Soluciones propuestas por la Comisión Nacional de Competencia 

  1. Debe eliminarse la obligatoriedad de la gestión colectiva a través de entidades de gestión en los casos en los que se impone en la actualidad, con la excepción de cuando dicha obligatoriedad venga impuesta por una Directiva europea.
  2. Debe sustituirse el actual sistema de autorización administrativa de las entidades de gestión colectiva por un sistema de simple registro.
  3. Debe eliminarse la obligación de que las entidades de gestión carezcan de ánimo de lucro, disponiendo de forma expresa que se pueden constituir bajo cualquiera de las formas jurídicas admitidas en Derecho.
  4. Debe garantizarse que el titular tenga mayor flexibilidad a la hora de determinar el alcance del contrato en términos de derechos, obras, territorios y utilizaciones, así como para establecer que el contrato pueda ser en términos no exclusivos y permitir al titular conservar la posibilidad de conceder licencias a la vez que la entidad, ya sea de modo directo o a través de otra entidad de gestión.

Conclusiones

A mi juicio son unas conclusiones bastante razonables y contundentes. Quiero hacer especial hincapié en el asunto de la obligatoriedad de gestión colectiva a través de entidades de gestión.
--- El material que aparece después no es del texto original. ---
(* ---------- Foliage omega,omega-trees ----------
   The skeleton is ({}^{<omega}omega, strict prefix) itself; a foliage tree
   is a map F : seq nat -> set T (F x = leaf at node x). *)
Definition sprefix (s t : seq nat) : Prop := prefix s t /\ s <> t.

Definition height (s : seq nat) : nat := size s.

Definition sons (v : seq nat) : set (seq nat) :=
  [set t | exists n : nat, t = rcons v n].

Definition chain (C : set (seq nat)) : Prop :=
  forall x y, C x -> C y -> x = y \/ sprefix x y \/ sprefix y x.

Definition branch (B : set (seq nat)) : Prop :=
  chain B /\ forall C, chain C -> B `<=` C -> C = B.

Definition gg (T : Type) (gamma delta : set (set T)) : Prop :=
  forall D, delta D -> D !=set0 ->
    exists G, gamma G /\ G !=set0 /\ G `<=` D.

Definition cofin (T : Type) (B : set T) : set (set T) :=
  [set C | exists F, finite_set F /\ F `<=` B /\ C = B `\` F].

Definition shoot (T : Type) (F : seq nat -> set T) (v : seq nat)
  : set (set T) :=
  [set U | exists C, C `<=` sons v /\ finite_set (sons v `\` C) /\
                     U = \bigcup_(x in C) F x].

Definition scope (T : Type) (F : seq nat -> set T) (p : T) : set (seq nat) :=
  [set x | F x p].

Definition rise (T : Type) (F : seq nat -> set T) (p : T) (U : set T)
  : set nat :=
  [set n | exists v, scope F p v /\ gg (shoot F v) [set U] /\ n = height v].

Definition Rise (T : Type) (opX : set T -> Prop) (X : set T)
  (F : seq nat -> set T) : set (set nat) :=
  [set A | exists p U, X p /\ nbhd_in opX X p U /\ A = rise F p U].

Definition locally_strict (T : Type) (F : seq nat -> set T) : Prop :=
  forall x, (exists y, sprefix x y) ->
    F x = \bigcup_(s in sons x) F s /\
    (forall s s', sons x s -> sons x s' -> s <> s' -> F s `&` F s' = set0).

Definition strict_branches (T : Type) (F : seq nat -> set T) : Prop :=
  (exists x : seq nat, True) /\
  forall B, branch B -> exists p : T, \bigcap_(x in B) F x = [set p].

Definition open_in (T : Type) (opX : set T -> Prop) (F : seq nat -> set T)
  : Prop := forall x, opX (F x).

Definition baire_foliage_tree (T : Type) (opX : set T -> Prop) (X : set T)
  (F : seq nat -> set T) : Prop :=
  open_in opX F /\ locally_strict F /\ strict_branches F /\ F [::] = X.

Definition grows_into (T : Type) (opX : set T -> Prop) (X : set T)
  (F : seq nat -> set T) : Prop :=
  forall p U, X p -> nbhd_in opX X p U ->
    exists z, scope F p z /\ gg (shoot F z) [set U].

Definition pi_tree (T : Type) (opX : set T -> Prop) (X : set T)
  (F : seq nat -> set T) : Prop :=
  baire_foliage_tree opX X F /\ grows_into opX X F.

From HB Require Import structures.
From mathcomp Require Import all_boot all_order all_algebra.
From mathcomp Require Import mathcomp_extra boolp classical_sets cardinality reals.
From mathcomp Require Import ring lra.
Import Order.TTheory GRing.Theory Num.Theory.
Set Implicit Arguments. Unset Strict Implicit.
Local Open Scope classical_set_scope.
Local Open Scope ring_scope.

(* For the Baire space the leaves are the basic cylinders: a neighbourhood of p
   containing all sequences that agree with p up to N contains, for every node
   of height n >= N on the branch of p, every son of that node.

   On a subspace X of the Sorgenfrey line the leaves are X cut by half-open
   intervals [a, b): first the unit intervals, then each interval is split into
   countably many pieces of at most half its length that accumulate at b.  If a
   neighbourhood of p contains [p, p + e) and the node interval has length < e,
   all but finitely many pieces lie in [p, b), so every such level is in the rise.
   When X misses countably many points, the even levels instead split [a, b)
   around the next missing point d (pieces of [a, d) accumulating at d and of
   ]d, b) accumulating at d), so no branch can shrink to a point outside X; the
   plain splits at the odd levels keep the right endpoints strictly decreasing,
   which makes every branch meet in exactly one point. *)

Lemma prefix_size_eq (T : eqType) (s t : seq T) :
  prefix s t -> size s = size t -> s = t.
Proof.
move=> /prefixP [u ->]; rewrite size_cat -[LHS]addn0 => /eqP.
by rewrite eqn_add2l eq_sym size_eq0 => /eqP ->; rewrite cats0.
Qed.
En plena era de la sociedad de la información, donde los bits tienden a fluir librememente y de manera descentralizada, cada individuo tiene mucho más margen de acción que antaño, pudiendo prescindir de los intermediarios para ofrecer su producto directamente de manera telemática a sus potenciales consumidores. Creo que un sistema de gestión colectiva tan anticuado y monopolístico no puede coexistir con los tiempos presentes. No creo en la erradicación de las entidades de gestión, ya que son necesarias y habrá un número de personas que acudan a ellas porque lo estimen conveniente, pero si que considero vital un aperturismo hacia otros modelos; se debe tener un approach más aperturista porque se nos esfuman alternativas de negocio que generan riqueza; se debe entender que la licencia Copyright es necesaria pero también lo es la licencia Creative Commons para quién la quiera utilizar; se debe entender que un autor es dueño y señor de la obra que genera y debe poder elegir libremente como va a disponer de ella o que uso le quiere dar, y no encontrarse con campos de minas legales en el caso de que decida la autogestión, prescindiendo de la gestión colectiva porque alguien no quiere adaptarse a los nuevos cambios y se sigue anclando a un modelo cada vez más baldío.